# EXERCISE DIRECTIONS:
Search the entries below for "exists". Report each line where it occurs.

--- START ---

Lemma gamma_cancel_approx lam x y w (N : nat) : 0 < lam < 1 -> (2 <= N)%nat ->
  lam * d x y <=
  d (g [(lam, x); (1 - lam, w)]) (g [(lam, y); (1 - lam, w)]) + 2 * M / INR N.
Proof.
  intros Hlam HN.
  set (D := d (g [(lam, x); (1 - lam, w)]) (g [(lam, y); (1 - lam, w)])).
  destruct (chain_weight_spec lam N Hlam) as [Hc Hc1]; set (c := chain_weight lam N) in *.
  assert (HN2 : 2 <= INR N) by (apply (le_INR 2); exact HN).
  assert (Hcl : 0 < c * lam) by nra.
  set (P := chain lam N x y w).
  assert (Hx : d x (P O) <= c * (1 - lam) * M).
  { unfold P, chain; fold c; simpl INR; rewrite Rminus_0_r, Rmult_0_l.
    apply gamma_near_first; [apply Rmult_le_pos | nra | rewrite <- Hc1 at 2; ring]; lra. }
  assert (Hy : d y (P N) <= c * (1 - lam) * M).
  { unfold P, chain; fold c; rewrite Rminus_diag, Rmult_0_l.
    apply gamma_near_second; [apply Rmult_le_pos | nra | rewrite <- Hc1 at 2; ring]; lra. }
  pose proof (dist_telescope P (c * D) N (fun k Hk => chain_step lam N x y w k Hlam HN Hk) N
    (le_n N)) as HPN.
  assert (Hxy : d x y <= 2 * (c * (1 - lam) * M) + INR N * (c * D)).
  { pose proof (d_triangle x (P O) y); pose proof (d_triangle (P O) (P N) y).
    rewrite (d_sym y) in Hy; lra. }
  assert (HM : 0 <= M) by (pose proof (d_bounded x x); pose proof (d_nonneg x x); lra).
  assert (HD : 0 <= D) by apply d_nonneg.
  (* [lam c N <= 1] and [lam c (1 - lam) N <= 1] since [c (1 - lam + N lam) = 1] *)
  assert (Hlam_cN : lam * (INR N * c) <= 1) by nra.
  assert (Hlam_ce : lam * (c * (1 - lam)) <= / INR N).
  { apply (Rmult_le_reg_r (INR N)); [lra |]; rewrite Rinv_l by lra; nra. }
  unfold Rdiv; apply Rle_trans with (lam * (2 * (c * (1 - lam) * M) + INR N * (c * D)));
    [apply Rmult_le_compat_l; lra |].
  assert (lam * (INR N * (c * D)) <= D) by nra.
  assert (lam * (2 * (c * (1 - lam) * M)) <= 2 * M * / INR N) by nra.
  lra.
Qed.

Lemma gamma_cancel lam x y w : 0 < lam <= 1 ->
  lam * d x y <= d (g [(lam, x); (1 - lam, w)]) (g [(lam, y); (1 - lam, w)]).
Proof.
  intros Hlam; destruct (Req_dec lam 1) as [-> | Hlam1].
  - rewrite (gamma_dirac _ x), (gamma_dirac _ y); try solve_prob; try (left; reflexivity).
    lra.
  - apply Rnot_lt_le; intros Hlt.
    set (D := d (g [(lam, x); (1 - lam, w)]) (g [(lam, y); (1 - lam, w)])) in *.
    assert (HM : 0 <= M) by (pose proof (d_bounded x x); pose proof (d_nonneg x x); lra).
    destruct (inv_INR_S_lt ((lam * d x y - D) / (2 * M + 1))) as [N HN].
    { apply Rdiv_lt_0_compat; lra. }
    pose proof (gamma_cancel_approx lam x y w (S (S N)) ltac:(lra) ltac:(lia)) as Happrox.
    specialize (HN (S N) ltac:(lia)).
    assert (HSN : 0 < INR (S (S N))) by (apply lt_0_INR; lia).
    assert (2 * M / INR (S (S N)) < lam * d x y - D); [| fold D in Happrox; lra].
    apply Rle_lt_trans with ((2 * M + 1) * / INR (S (S N))).
    + unfold Rdiv; apply Rmult_le_compat_r; [left; apply Rinv_0_lt_compat |]; lra.
    + apply (Rmult_lt_reg_l (/ (2 * M + 1))); [apply Rinv_0_lt_compat; lra |].
      rewrite <- Rmult_assoc, Rinv_l by lra; unfold Rdiv in HN; lra.
Qed.
(* For every $T_0$ affine system $(X,\kappa,A)$, the source of all morphisms $(X,\kappa,A)\to\mathsf{S}$ is a mono-source: if $(f_1,\varphi_1),(f_2,\varphi_2):(\tilde X,\tilde\kappa,\tilde A)\to(X,\kappa,A)$ are morphisms with $(f,\varphi)\circ(f_1,\varphi_1)=(f,\varphi)\circ(f_2,\varphi_2)$ for every morphism $(f,\varphi):(X,\kappa,A)\to\mathsf{S}$, then $(f_1,\varphi_1)=(f_2,\varphi_2)$.
   Context: Fix a variety $\mathbf{A}$ of algebras (full subcategory of the category of $\Omega$-algebras and homomorphisms closed under products, subalgebras and homomorphic images) having a free algebra $S$ over a singleton $\{*\}$ with universal map $\eta:\{*\}\to|S|$; for an algebra $A$ and $a\in A$, $\overline{a}^A:S\to A$ is the unique homomorphism with $\eta( * )\mapsto a$. Fix an $\mathbf{A}$-algebra $L$; $L^X$ is the power algebra. An affine system is $(X,\kappa,A)$ with $X$ a set, $A$ an algebra, $\kappa:A\to L^X$ a homomorphism; a morphism $(f,\varphi):(X_1,\kappa_1,A_1)\to(X_2,\kappa_2,A_2)$ is a map $f:X_1\to X_2$ with a homomorphism $\varphi:A_2\to A_1$ such that $\kappa_1(\varphi(a))(x)=\kappa_2(a)(f(x))$ for all $a\in A_2,x\in X_1$; composition $(g,\psi)\circ(f,\varphi)=(g\circ f,\varphi\circ\psi)$. A system is $T_0$ if for all $x,y\in X$, $\kappa(a)(x)=\kappa(a)(y)$ for all $a\in A$ implies $x=y$. The Sierpinski affine system is $\mathsf{S}=(|L|,\kappa_S,S)$ with $\kappa_S:S\to L^{|L|}$ the unique homomorphism with $\kappa_S(s)(b)=\overline{b}^L(s)$ (equivalently $\kappa_S(\eta( * ))=\mathrm{id}_L$). *)

From Stdlib Require Import ClassicalEpsilon.

Set Implicit Arguments.

Record signature := Signature { op : Type; arity : op -> Type }.

Record algebra (Om : signature) := Algebra {
  carrier :> Type;
  ops : forall o : op Om, (arity Om o -> carrier) -> carrier }.

Definition is_hom (Om : signature) (A B : algebra Om) (h : A -> B) : Prop :=
  forall (o : op Om) (args : arity Om o -> A),
    h (ops A o args) = ops B o (fun i => h (args i)).

Definition prod_alg (Om : signature) (I : Type) (F : I -> algebra Om) : algebra Om :=
  @Algebra Om (forall i : I, F i)
    (fun o args => fun i => ops (F i) o (fun j => args j i)).

Definition pow_alg (Om : signature) (L : algebra Om) (X : Type) : algebra Om :=
  prod_alg (fun _ : X => L).

Definition op_closed (Om : signature) (B : algebra Om) (P : B -> Prop) : Prop :=
  forall (o : op Om) (args : arity Om o -> B),
    (forall i, P (args i)) -> P (ops B o args).

Definition sub_alg (Om : signature) (B : algebra Om) (P : B -> Prop)
  (hP : @op_closed Om B P) : algebra Om :=
  @Algebra Om {x : B | P x}
    (fun o args => exist P (ops B o (fun i => proj1_sig (args i)))
                     (hP o _ (fun i => proj2_sig (args i)))).

Definition is_variety (Om : signature) (V : algebra Om -> Prop) : Prop :=
  (forall (I : Type) (F : I -> algebra Om), (forall i, V (F i)) -> V (prod_alg F)) /\
  (forall (B : algebra Om) (P : B -> Prop) (hP : @op_closed Om B P), V B -> V (@sub_alg Om B P hP)) /\
  (forall (B C : algebra Om) (h : B -> C), @is_hom Om B C h ->
      (forall c : C, exists b : B, h b = c) -> V B -> V C).

(* S (with eta(star) = e) is a free algebra of V over a singleton *)
Definition is_free1 (Om : signature) (V : algebra Om -> Prop) (S : algebra Om) (e : S) : Prop :=
  V S /\ forall (B : algebra Om), V B -> forall b : B,
    exists! h : S -> B, @is_hom Om S B h /\ h e = b.

Definition bar (Om : signature) (V : algebra Om -> Prop) (S : algebra Om) (e : S)
  (hS : is_free1 V S e) (B : algebra Om) (hB : V B) (b : B) : S -> B :=
  proj1_sig (constructive_indefinite_description _
     (match proj2 hS B hB b with ex_intro _ h (conj Hh _) => ex_intro _ h Hh end)).

Record asys (Om : signature) (L : algebra Om) := ASys {
  pts : Type;
  alg : algebra Om;
  kap : alg -> pow_alg L pts }.

Definition is_asys (Om : signature) (V : algebra Om -> Prop) (L : algebra Om)
  (X : asys L) : Prop :=
  V (alg X) /\ @is_hom Om (alg X) (pow_alg L (pts X)) (kap X).

Definition T0 (Om : signature) (L : algebra Om) (X : asys L) : Prop :=
  forall x y : pts X, (forall a : alg X, kap X a x = kap X a y) -> x = y.

Definition mor (Om : signature) (L : algebra Om) (X1 X2 : asys L) : Type :=
  ((pts X1 -> pts X2) * (alg X2 -> alg X1))%type.

Definition is_mor (Om : signature) (L : algebra Om) (X1 X2 : asys L)
  (m : mor X1 X2) : Prop :=
  @is_hom Om (alg X2) (alg X1) (snd m) /\
  forall (a : alg X2) (x : pts X1), kap X1 (snd m a) x = kap X2 a (fst m x).

Definition mcomp (Om : signature) (L : algebra Om) (X1 X2 X3 : asys L)
  (m2 : mor X2 X3) (m1 : mor X1 X2) : mor X1 X3 :=
  (fun x => fst m2 (fst m1 x), fun a => snd m1 (snd m2 a)).

Definition sierp (Om : signature) (V : algebra Om -> Prop) (S : algebra Om) (e : S)
  (hS : is_free1 V S e) (L : algebra Om) (hL : V L) : asys L :=
  @ASys Om L (carrier L) S (fun (s : S) (b : L) => @bar Om V S e hS L hL b s).

(* Every [a : A] yields a morphism [(kappa a, bar a) : (X, kappa, A) -> S]; it is a morphism
   because both [s |-> kappa (bar a s) x] and [bar (kappa a x)] are homomorphisms [S -> L]
   agreeing on the generator.  Composing [m1] and [m2] with it and comparing point parts
   gives [kappa a (f1 y) = kappa a (f2 y)] for all [a], hence [f1 = f2] by T0; comparing
   algebra parts at the generator gives [phi1 a = phi2 a]. *)

From Stdlib Require Import FunctionalExtensionality ClassicalEpsilon.

Set Implicit Arguments.

Lemma is_hom_comp (Om : signature) (A B C : algebra Om) (g : B -> C) (h : A -> B) :
  is_hom A B h -> is_hom B C g -> is_hom A C (fun a => g (h a)).
Proof. intros Hh Hg o args; rewrite Hh, Hg; reflexivity. Qed.

Lemma is_hom_eval (Om : signature) (L : algebra Om) (X : Type) (x : X) :
  is_hom (pow_alg L X) L (fun f => f x).
Proof. intros o args; reflexivity. Qed.

Lemma mor_ext (Om : signature) (L : algebra Om) (X1 X2 : asys L) (m1 m2 : mor X1 X2) :
  (forall x, fst m1 x = fst m2 x) -> (forall a, snd m1 a = snd m2 a) -> m1 = m2.
Proof.
  destruct m1 as [f1 phi1], m2 as [f2 phi2]; simpl; intros Hf Hphi.
  f_equal; apply functional_extensionality; assumption.
Qed.

Section FreeAlgebra.

Variables (Om : signature) (V : algebra Om -> Prop) (S : algebra Om) (e : S).
Hypothesis hS : is_free1 V S e.

Lemma bar_hom (B : algebra Om) (hB : V B) (b : B) : is_hom S B (bar hS B hB b).
Proof.
  unfold bar; destruct (constructive_indefinite_description _ _) as [h Hh].
  exact (proj1 Hh).
Qed.

Lemma bar_generator (B : algebra Om) (hB : V B) (b : B) : bar hS B hB b e = b.
Proof.
  unfold bar; destruct (constructive_indefinite_description _ _) as [h Hh].
  exact (proj2 Hh).
Qed.

Lemma free1_hom_unique (B : algebra Om) (hB : V B) (h1 h2 : S -> B) :
  is_hom S B h1 -> is_hom S B h2 -> h1 e = h2 e -> forall s, h1 s = h2 s.
Proof.
  intros H1 H2 He s.
  destruct (proj2 hS B hB (h1 e)) as [h [_ Uniq]].
  rewrite <- (Uniq h1 (conj H1 eq_refl)), (Uniq h2 (conj H2 (eq_sym He))).
  reflexivity.
Qed.

Variables (L : algebra Om) (hL : V L).

Definition sierp_mor {X : asys L} (hX : is_asys V X) (a : alg X) :
  mor X (@sierp Om V S e hS L hL) :=
  (fun x => kap X a x, bar hS (alg X) (proj1 hX) a).

Lemma sierp_mor_is_mor {X : asys L} (hX : is_asys V X) (a : alg X) :
  is_mor (sierp_mor hX a).
Proof.
  split; simpl.
  - apply bar_hom.
  - intros s x.
    apply (free1_hom_unique hL (h1 := fun s => kap X (bar hS (alg X) (proj1 hX) a s) x)).
    + exact (is_hom_comp (is_hom_comp (bar_hom (proj1 hX) a) (proj2 hX))
                         (is_hom_eval (L := L) x)).
    + apply bar_hom.
    + rewrite !bar_generator; reflexivity.
Qed.

End FreeAlgebra.

Theorem proposition5 (Om : signature) (V : algebra Om -> Prop) (hV : is_variety V)
  (S : algebra Om) (e : S) (hS : is_free1 V S e)
  (L : algebra Om) (hL : V L)
  (X : asys L) (hX : is_asys V X) (hT0 : T0 X)
  (Y : asys L) (hY : is_asys V Y)
  (m1 m2 : mor Y X) (hm1 : is_mor m1) (hm2 : is_mor m2) :
  (forall m : mor X (@sierp Om V S e hS L hL), is_mor m -> mcomp m m1 = mcomp m m2) ->
  m1 = m2.
Proof.
  intros Hcomp.
  pose proof (fun a => Hcomp _ (sierp_mor_is_mor hS hL hX a)) as Ha.
  apply mor_ext.
  - intros y; apply hT0; intros a.
    exact (f_equal (fun m => fst m y) (Ha a)).
  - intros a.
    pose proof (f_equal (fun m => snd m e) (Ha a)) as Hgen; simpl in Hgen.
    rewrite bar_generator in Hgen; exact Hgen.
Qed.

--- END ---

# TASK RESPONSE:
      (forall c : C, exists b : B, h b = c) -> V B -> V C).
    exists! h : S -> B, @is_hom Om S B h /\ h e = b.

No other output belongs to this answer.